Pegasus: The Israeli spyware that helped Saudi Arabia spy on Khashoggi
Omar Abdul Aziz, a friend of Saudi journalist Jamal Khashoggi, filed a lawsuit against Israel's NSO spyware Ltd, claiming it played a major role in his murder.
6 min read
03 October, 2019
People commemorate the first anniversary of Khashoggi's murder, in Washington [Getty]
In the dark world of digital espionage, Pegasus spyware is not only one of the most advanced spyware tools available in the market, it is also a lethal cyber weapon.

A year has passed since the brutal murder of Jamal Khashoggi, yet Omar Abdulaziz, a Canada-based Saudi activist and friend of the late journalist, still feels guilty over the hacking of his mobile phone by the Saudi regime which he believes made it possible for them to track conversations between him and Khashoggi.

"The hacking of my phone played a major role in what happened to Jamal, I am really sorry to say, the guilt is killing me," Abdulaziz told CNN in 2018.

CNN was granted access to over 400 WhatsApp messages exchanged by Abdulaziz and Khashoggi. The Saudi journalist used unreserved criticism of the Crown Prince Mohammed bin Salman (MbS0, describing him as a "beast who destroys everyone in his path, including his own supporters".
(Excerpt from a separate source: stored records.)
Lemma filtered_square (i k k' : ob C) (u : hom i k) (u' : hom i k') :
  exists k'' (w : hom k k'') (w' : hom k' k''), ccomp w u = ccomp w' u'.
Proof.
have [k1 [a [b _]]] := filtered_bound k k'.
have [k2 [c Ec]] := filtered_coeq (ccomp a u) (ccomp b u').
by exists k2, (ccomp c a), (ccomp c b); rewrite -!ccomp_assoc.
Qed.

Lemma filtered_bound_list (A : Type) (Q : A -> ob C -> Prop) (l : list A) :
  (forall a i j (u : hom i j), Q a i -> Q a j) -> (forall a, List.In a l -> exists i, Q a i) ->
  exists i, forall a, List.In a l -> Q a i.
Proof.
move=> Q_up; elim: l => [|a l IH] H; first by case: fC => [[i0] _]; exists i0.
have [i Hi] := IH (fun b hb => H b (or_intror hb)).
have [j Hj] := H a (or_introl erefl).
have [k [u [v _]]] := filtered_bound i j.
by exists k => b [<-|hb]; [apply: Q_up Hj|apply: Q_up (Hi b hb)].
Qed.

Lemma filtered_bound_list_under (A : Type) (i : ob C) (Q : A -> forall k, hom i k -> Prop)
    (l : list A) :
  (forall a k k' (u : hom i k) (w : hom k k'), Q a k u -> Q a k' (ccomp w u)) ->
  (forall a, List.In a l -> exists k (u : hom i k), Q a k u) ->
  exists k (u : hom i k), forall a, List.In a l -> Q a k u.
Proof.
move=> Q_up; elim: l => [|a l IH] H; first by exists i, (cid i).
have [k [u Hu]] := IH (fun b hb => H b (or_intror hb)).
have [k' [u' Hu']] := H a (or_introl erefl).
have [k'' [w [w' E]]] := filtered_square u u'.
exists k'', (ccomp w u) => b [<-|hb]; last exact: Q_up (Hu b hb).
by rewrite E; apply: Q_up Hu'.
Qed.

End Filtered.

(* The constant cocone [True] into [Prop] extends along [iota] both to
   [fun _ => True] and to "factors through a stage"; by uniqueness of the
   extension these agree. *)
Lemma compact_factor (X : pmod) (C : cat) (D : diagram C) (L : pmod)
    (iota : forall i, pmor (dob D i) L) :
  compact X -> filtered C -> is_colimit iota ->
  forall f : pmor X L, exists i (g : pmor X (dob D i)), forall t x, iota i t (g t x) = f t x.
Proof.
move=> cX fC cL f; have [_ H] := cX C D fC L iota cL.
pose factors (f : pmor X L) := exists i g, f = pcomp (iota i) g.
have [h [_ hu]] := H Prop (fun _ _ => True) (fun _ _ _ _ => erefl).
have E1 := hu factors (fun i g => propT (ex_intro _ i (ex_intro _ g erefl))).
have E2 := hu (fun _ => True) (fun _ _ => erefl).
have : factors f by rewrite E1 -E2.
by case=> i [g ->]; exists i, g.
Qed.

(** * Compact modules are tame *)

(* [trunc i] collapses the region {s >= a_i | B_i s} onto a_i.  When these
   regions shrink along a directed order and every point lies outside one of
   them, the modules [X o trunc i] have colimit X; so for a compact X, id_X
   factors through one of them and X is constant on the collapsed region. *)
Section Truncation.
Variables (X : pmod) (I : Type) (a : I -> nnR) (B : I -> R -> Prop).
Hypothesis B_down : forall i s t, B i t -> (s <= t)%R -> B i s.

Definition trunc_le (i j : I) := nnle (a i) (a j) /\ forall s, B j s -> B i s.

Lemma trunc_le_refl i : trunc_le i i.
Proof. by split=> //; apply: nnle_refl. Qed.

Lemma trunc_le_trans i j k : trunc_le i j -> trunc_le j k -> trunc_le i k.
Proof. by move=> [h1 h2] [h3 h4]; split; [apply: nnle_trans h1 h3|auto]. Qed.

Definition collapsed (i : I) (s : nnR) := nnle (a i) s /\ B i (sval s).

Definition trunc (i : I) (s : nnR) : nnR :=
  if excluded_middle_informative (collapsed i s) then a i else s.

Lemma trunc_le_id i s : nnle (trunc i s) s.
Proof.
rewrite /trunc; destruct (excluded_middle_informative (collapsed i s)) as [[]|] => //.
exact: nnle_refl.
Qed.

Lemma trunc_mono i s t : nnle s t -> nnle (trunc i s) (trunc i t).
Proof.
rewrite /trunc => hst.
destruct (excluded_middle_informative (collapsed i s)) as [[h1 h2]|h1];
  destruct (excluded_middle_informative (collapsed i t)) as [[h3 h4]|h3];
  rewrite /= /collapsed /nnle in hst h1 h3 *; try lra.
case: (Rle_dec (sval (a i)) (sval s)) => h5; last lra.
by exfalso; apply: h1; split => //; apply: B_down h4 hst.
Qed.

Lemma trunc_monoi i j : trunc_le i j -> forall s, nnle (trunc i s) (trunc j s).
Proof.
move=> [hij hB] s; rewrite /trunc.
destruct (excluded_middle_informative (collapsed i s)) as [[h1 h2]|h1];
  destruct (excluded_middle_informative (collapsed j s)) as [[h3 h4]|h3];
  rewrite /= /collapsed /nnle in hij h1 h3 *; try lra.
by exfalso; apply: h1; split; [rewrite /nnle; lra|apply: hB].
Qed.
The correspondence also showed that two Saudi activists were planning to launch projects to combat the authority Twitter trolls of intimidations and threats against Saudi dissents and to try to expose that MbS was mismanaging the kingdom.

In September 2018, Khashoggi wired $5,000 to Abdulaziz who was trying to set up an online movement of Saudi youth, called Electronic Bees, that would fight the Saudi regime's propaganda on social networks.

In fact 11 days before Khashoggi's brutal killing in the Saudi consulate in Istanbul, he wrote on his Twitter account that "the bees were coming".

Now, thanks to Pegasus, the Saudi authority had established a direct line into the thoughts and plans of Khashoggi. His elimination was ordered and the right moment arrived when he entered the Saudi Consulate in Istanbul on October 2, 2018.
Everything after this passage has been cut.